Вернулся Шурка, досрочно отвоевавшись где-то по тылам, в фуражирной команде, но не в свой дом, а к тестю. Устинов надеялся - может, война научила Шурку хоть какому-нибудь разумению, но и тут просчет, и вот уже Шуркиным ребятишкам дед Никола тоже кормилец-поилец и даже наставник, потому что на отцовское наставление сильно не понадеешься. И не сильно тоже не понадеешься.
Кормилец и опора ты многим, но тебе-то на что опираться? На какой порядок жизни? Уж сколько там и надо русскому мужику порядка - с гулькин нос! - но нету и того! Уж сколько он способен, этот мужик, пережить беспорядка - больше всех способен! - но только на нынешний беспорядок не хватает и его!
Хваленная Петром Калашниковым сибирская кооперация год назад окрестила сама себя новым именем - "Закупсбыт", и тут же и в закупе, и в сбыте проворовалась невиданно, стала "Закупворсбытвором".
Возила она масло и хлебушко в Китай, оттуда - мануфактуру, спички, иголки, сепараторы, даже керосин и только обнадежила мужиков, как тут же и прогорела: "Соболезнуем, граждане: с великим богатством шли эшелоны из Харбина, но были разграблены под Читою!" И шло и шло тем же диким беспорядком нынешнее существование, которое и жизнью-то назвать невозможно!
"Всё для народа!" провозгласило Сибирское Правительство и всё стало с народом делать: и обирать его, и мобилизовывать его, и арестовывать его же.
"Общественное достояние" - печатали газетки, и не сразу, но вскорости стало понятно, что это такое. А это пирог, от которого сколько бы ни отщипывалось, сколько бы ни урывалось - никто не закричит: "Кар-раул! Меня грабят! Меня - лично!" Ну а не личный крик - это уже не крик и вопль, а так себе бормотание!

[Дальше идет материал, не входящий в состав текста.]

(* The third order mock theta function $\psi_3(q)=\sum_{n\ge0}\frac{q^{n^2}}{(q;q^2)_n}$ is the generating function $\sum_\pi q^{|\pi|}$ over partitions $\pi$ with $n$ copies of $n$ (including the empty one) in which, with parts in ascending lexicographic order, the weighted difference between each part and the preceding one is exactly $0$, and the smallest part is of the form $j_j$.
   Context: $M=\{m_i: 1\le i\le m\}$; a partition with $n$ copies of $n$ is a finite multiset of elements of $M$, $|\pi|$ the sum of values. Lexicographic order: $m_i>n_j$ iff $m>n$, or $m=n$ and $i>j$. Weighted difference $((m_i-n_j))=m-n-i-j$. $(a;q)_n=\prod_{j=0}^{n-1}(1-aq^j)$. *)

From mathcomp Require Import all_boot all_order all_algebra.
Set Implicit Arguments. Unset Strict Implicit. Unset Printing Implicit Defensive.
Import GRing.Theory Num.Theory.

(* Truncation of the formal power series 1/(1 - q^k) = sum_{i>=0} q^(k i)
   to the terms of index i <= N (enough to determine all coefficients of
   q^0 .. q^N when k >= 1). *)
Definition geom_trunc (k N : nat) : {poly int} :=
  (\sum_(i < N.+1) 'X^(k * i))%R.

(* Coefficient of q^N in  psi_3(q) = sum_{n>=0} q^(n^2) / (q;q^2)_n,
   where (q;q^2)_n = prod_{j=0}^{n-1} (1 - q^(2j+1)).
   Terms with n > N contribute only to powers q^(n^2) with n^2 > N. *)
Definition psi3_coef (N : nat) : int :=
  ((\sum_(n < N.+1) 'X^(n ^ 2) * \prod_(j < n) geom_trunc (2 * j + 1) N)
     : {poly int})`_N.

(* A part m_i (1 <= i <= m) is represented by the pair (m, i). *)
Definition part := (nat * nat)%type.

Definition is_part (p : part) : bool := (0 < p.2 <= p.1).

Definition lex_le (a b : part) : bool :=
  (a.1 < b.1) || ((a.1 == b.1) && (a.2 <= b.2)).

Definition wdiff (a b : part) : int :=
  (Posz a.1 - Posz b.1 - Posz a.2 - Posz b.2)%R.

(* A partition with n copies of n, i.e. a finite multiset of parts,
   is represented canonically by the list of its parts in ascending
   lexicographic order. *)
Definition is_nncopies_partition (s : seq part) : bool :=
  all is_part s && sorted lex_le s.

Definition weight (s : seq part) : nat := sumn (map fst s).

Definition consecutive_wdiff0 (s : seq part) : bool :=
  sorted (fun a b => wdiff b a == 0%R) s.

Definition smallest_diag (s : seq part) : bool :=
  if s is x :: _ then x.1 == x.2 else true.

Definition psi3_partition (N : nat) (s : seq part) : bool :=
  [&& is_nncopies_partition s, weight s == N,
      consecutive_wdiff0 s & smallest_diag s].

From mathcomp Require Import all_boot all_order all_algebra.
From mathcomp Require Import zify.
Import GRing.Theory.

(* In a partition counted by psi_3 each part y after the part x
   satisfies ((y - x)) = 0, i.e. y.1 = x.1 + x.2 + y.2, and the first part is
   j_j; hence the whole partition is determined by the sequence r of its
   subscripts (the "code" of the partition), and every sequence of positive
   integers is the code of exactly one such partition, namely [diag_chain r].
   Writing r = [:: r_0; ...; r_(n-1)], the weight of [diag_chain r] is
   [odd_weight r] = sum_k (2 (n - 1 - k) + 1) r_k.
   On the analytic side q^(n^2)/(q;q^2)_n = prod_(j<n) q^(2j+1)/(1 - q^(2j+1))
   = prod_(j<n) sum_(d>=1) q^((2j+1) d), so the coefficient of q^N in psi_3 is
   the number of positive sequences r with odd_weight r = N.  All such codes
   have length and entries at most N, so they are found in the explicit finite
   list [short_seqs N]; filtering it by weight and mapping [diag_chain] over
   it gives the required duplicate-free list of partitions. *)

Fixpoint chain_from (m i : nat) (r : seq nat) : seq part :=
  if r is j :: r' then (m + i + j, j) :: chain_from (m + i + j) j r' else [::].

Definition diag_chain (r : seq nat) : seq part :=
  if r is i :: r' then (i, i) :: chain_from i i r' else [::].

Lemma snd_chain_from m i r : map snd (chain_from m i r) = r.
Proof. by elim: r m i => //= j r IH m i; rewrite IH. Qed.

Lemma snd_diag_chain r : map snd (diag_chain r) = r.
Proof. by case: r => //= i r; rewrite snd_chain_from. Qed.

Lemma diag_chain_inj : injective diag_chain.
Proof. by move=> r r' /(congr1 (map snd)); rewrite !snd_diag_chain. Qed.

Lemma wdiff0E (x y : part) : (wdiff y x == 0%R) = (y.1 == x.1 + x.2 + y.2).
Proof. by rewrite /wdiff; apply/eqP/eqP => H; lia. Qed.

Lemma chain_from_sorted x r : sorted (fun a b => wdiff b a == 0%R) (x :: r) ->
  r = chain_from x.1 x.2 (map snd r).
Proof.
elim: r x => //= y r IH x /andP [yE r_sorted].
rewrite wdiff0E in yE; move/eqP: yE => yE.
by rewrite -yE -(IH y r_sorted); case: y {r_sorted} yE.
Qed.

Lemma diag_chain_snd s :
  consecutive_wdiff0 s -> smallest_diag s -> s = diag_chain (map snd s).
Proof.
case: s => [|[a b] r] //= s_sorted /eqP ab; subst b.
by rewrite -(chain_from_sorted _ _ s_sorted).
Qed.

Lemma chain_from_props m i r : 0 < i -> all (fun j => 0 < j) r ->
  [/\ all is_part (chain_from m i r), path lex_le (m, i) (chain_from m i r)
    & path (fun a b => wdiff b a == 0%R) (m, i) (chain_from m i r)].
Proof.
elim: r m i => //= j r IH m i i_gt0 /andP [j_gt0 r_pos].
have [parts ascending wdiffs] := IH (m + i + j) j j_gt0 r_pos.
rewrite parts ascending wdiffs wdiff0E !andbT /is_part /lex_le /= j_gt0.
by split=> //; lia.
Qed.

(* The weight of the partition coded by r, read off the code: each subscript
   r_k is counted once in its own part and twice in every later part. *)
Fixpoint odd_weight (r : seq nat) : nat :=
  if r is x :: r' then (2 * size r' + 1) * x + odd_weight r' else 0.

Lemma weight_chain_from m i r :
  weight (chain_from m i r) = size r * (m + i) + odd_weight r.
Proof. by elim: r m i => //= j r IH m i; rewrite /weight /= -/(weight _) IH; lia. Qed.

Lemma weight_diag_chain r : weight (diag_chain r) = odd_weight r.
Proof. by case: r => //= i r; rewrite /weight /= -/(weight _) weight_chain_from; lia. Qed.

Lemma psi3_partition_diag_chain N r : all (fun j => 0 < j) r ->
  psi3_partition N (diag_chain r) = (odd_weight r == N).
Proof.
case: r => [_|i r /andP [i_gt0 r_pos]].
  by rewrite /psi3_partition /= andbT.
have [parts ascending wdiffs] := chain_from_props i i r i_gt0 r_pos.
rewrite -weight_diag_chain /psi3_partition /is_nncopies_partition /consecutive_wdiff0 /=.
by rewrite parts ascending wdiffs /is_part /= i_gt0 leqnn eqxx !andbT.
Qed.

Lemma odd_weight_bounds r : all (fun j => 0 < j) r ->
  size r <= odd_weight r /\ all (fun j => j <= odd_weight r) r.
Proof.
elim: r => //= x r IH /andP [x_gt0 /IH [size_le entries_le]].
have x_le : x <= (2 * size r + 1) * x + odd_weight r by nia.
split; first by lia.
by rewrite x_le; apply: sub_all entries_le => j /=; lia.
Qed.

Definition positive_upto (N : nat) : seq nat := iota 1 N.+1.

Fixpoint tuples_upto (N n : nat) : seq (seq nat) :=
  if n is n'.+1 then [seq x :: t | x <- positive_upto N, t <- tuples_upto N n']
  else [:: [::]].

Definition short_seqs (N : nat) : seq (seq nat) :=
  [seq t | n <- iota 0 N.+1, t <- tuples_upto N n].

Lemma mem_tuples_upto N n t :
  (t \in tuples_upto N n) = (size t == n) && all (mem (positive_upto N)) t.
Proof.
elim: n t => [|n IH] t; first by case: t.
apply/allpairsP/idP => [[[x t'] /= [x_in t'_in ->]] | ].
  by move: t'_in; rewrite /= IH eqSS x_in => /andP [-> ->].
case: t => [|x t] //= /andP [size_t /andP [x_in t_in]].
by exists (x, t); rewrite IH -eqSS size_t.
Qed.

Lemma uniq_tuples_upto N n : uniq (tuples_upto N n).
Proof.
elim: n => [//|n IH]; apply: allpairs_uniq => //; first exact: iota_uniq.
by move=> [a b] [c d] _ _ /= [-> ->].
Qed.

Lemma mem_short_seqs N t :
  (t \in short_seqs N) = (size t <= N) && all (mem (positive_upto N)) t.
Proof.
apply/allpairsPdep/idP => [[n [t' [n_in t'_in ->]]] | /andP [size_t t_in]].
- by move: t'_in n_in; rewrite mem_tuples_upto mem_iota => /andP [/eqP -> ->]; rewrite andbT.
- by exists (size t), t; rewrite mem_iota mem_tuples_upto eqxx t_in; split.
Qed.

Lemma uniq_short_seqs N : uniq (short_seqs N).
Proof.
apply: allpairs_uniq_dep => [|n _|]; [exact: iota_uniq | exact: uniq_tuples_upto |].
move=> [a b] [c d] /allpairsPdep [n [t [_ t_in [-> ->]]]]
  /allpairsPdep [n' [t' [_ t'_in [-> ->]]]] /= tt'.
by move: t_in t'_in; rewrite tt' !mem_tuples_upto => /andP [/eqP <- _] /andP [/eqP <- _].
Qed.

Definition psi3_codes (N : nat) : seq (seq nat) :=
  [seq r <- short_seqs N | odd_weight r == N].

(* By [odd_weight_bounds] the search space contains every positive code of
   weight N, so [psi3_codes N] holds exactly those codes. *)
Lemma mem_psi3_codes N r :
  (r \in psi3_codes N) = all (fun j => 0 < j) r && (odd_weight r == N).
Proof.
rewrite mem_filter andbC; apply/andP/andP => -[r_in wr]; split=> //.
  move: r_in; rewrite mem_short_seqs => /andP [_]; apply: sub_all => j.
  by rewrite inE mem_iota; lia.
have [size_le entries_le] := odd_weight_bounds _ r_in.
rewrite mem_short_seqs -(eqP wr) size_le; apply/allP => j j_in.
by move: (allP r_in j j_in) (allP entries_le j j_in); rewrite inE mem_iota; lia.
Qed.

Lemma psi3_partition_code N s : psi3_partition N s ->
  map snd s \in psi3_codes N /\ s = diag_chain (map snd s).
Proof.
move=> s_psi3; have /and4P [/andP [s_parts _] _ s_wdiff s_diag] := s_psi3.
have sE := diag_chain_snd _ s_wdiff s_diag; split=> //.
have s_pos : all (fun j => 0 < j) (map snd s).
  by rewrite all_map; apply: sub_all s_parts => -[m i] /andP [].
by rewrite mem_psi3_codes s_pos -psi3_partition_diag_chain // -sE.
Qed.

Local Open Scope ring_scope.

Lemma geom_trunc_shift k N :
  'X^k * geom_trunc k N = \sum_(d <- positive_upto N) ('X^(k * d) : {poly int}).
Proof.
rewrite /geom_trunc mulr_sumr /positive_upto -[iota 1 _]/(iota (1 + 0) N.+1) iotaDl big_map.
rewrite -/(index_iota 0 N.+1) big_mkord.
by apply: eq_bigr => i _; rewrite -exprD add1n mulnS.
Qed.

(* q^(n^2)/(q;q^2)_n = prod_(j<n) q^(2j+1)/(1 - q^(2j+1)), since n^2 is the sum
   of the first n odd numbers. *)
Lemma psi3_term_prod N n :
  'X^(n ^ 2) * \prod_(j < n) geom_trunc (2 * j + 1) N =
  \prod_(j < n) \sum_(d <- positive_upto N) ('X^((2 * j + 1) * d) : {poly int}).
Proof.
elim: n => [|n IH]; first by rewrite !big_ord0 mulr1.
have odd_sum : (n.+1 ^ 2 = n ^ 2 + (2 * n + 1))%N by lia.
rewrite !big_ord_recr /= -IH -geom_trunc_shift odd_sum exprD -!mulrA.
by congr (_ * _); rewrite mulrCA.
Qed.

Lemma prod_tuples_upto N n :
  \prod_(j < n) \sum_(d <- positive_upto N) ('X^((2 * j + 1) * d) : {poly int})
  = \sum_(t <- tuples_upto N n) 'X^(odd_weight t).
Proof.
elim: n => [|n IH]; first by rewrite big_ord0 big_seq1.
rewrite big_ord_recr IH big_allpairs_dep /= mulrC big_distrl /=.
apply: eq_bigr => x _; rewrite big_distrr /=; apply: eq_big_seq => t.
by rewrite mem_tuples_upto -exprD => /andP [/eqP ->].
Qed.

Lemma psi3_coef_count N : psi3_coef N = Posz (size (psi3_codes N)).
Proof.
have iotaE : iota 0 N.+1 = index_iota 0 N.+1 by rewrite /index_iota subn0.
rewrite /psi3_coef /psi3_codes /short_seqs size_filter -sum1_count.
rewrite [in RHS]big_mkcond big_allpairs_dep iotaE big_mkord -natz natr_sum coef_sum.
apply: eq_bigr => n _; rewrite psi3_term_prod prod_tuples_upto coef_sum natr_sum.
by apply: eq_bigr => t _; rewrite coefXn eq_sym; case: eqP.
Qed.

Local Close Scope ring_scope.

Theorem theorem27 :
  forall N : nat,
  exists l : seq (seq part),
    [/\ uniq l,
        (forall s : seq part, (s \in l) = psi3_partition N s) &
        Posz (size l) = psi3_coef N].
Proof.
move=> N; exists (map diag_chain (psi3_codes N)); split.
- by rewrite map_inj_uniq ?filter_uniq ?uniq_short_seqs //; exact: diag_chain_inj.
- move=> s; apply/mapP/idP => [[r r_in ->] | /psi3_partition_code [s_code sE]].
    by move: r_in; rewrite mem_psi3_codes => /andP [r_pos wr]; rewrite psi3_partition_diag_chain.
  by exists (map snd s).
- by rewrite size_map psi3_coef_count.
Qed.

Но ребятишкам-то, внучатам-то, им про "Закупсбыт", про Сибирское правительство, про газетки не объяснишь, они собственное дело знают: растут! Требуют быть сытыми, одетыми, обутыми, в школу с тетрадкой и с чернилкой желают бегать. Старайся, дед, трудись на ребячью потребность! И Устинов - не против. Он это может. Хоть и дед, но не старый, силенок хватит. Не хватает другого: порядок и старание должны быть не только на твоей ограде, но и в государ-стве, если же его там нет - тогда правым делается беззаботный Шурка, он, а не кто-нибудь другой!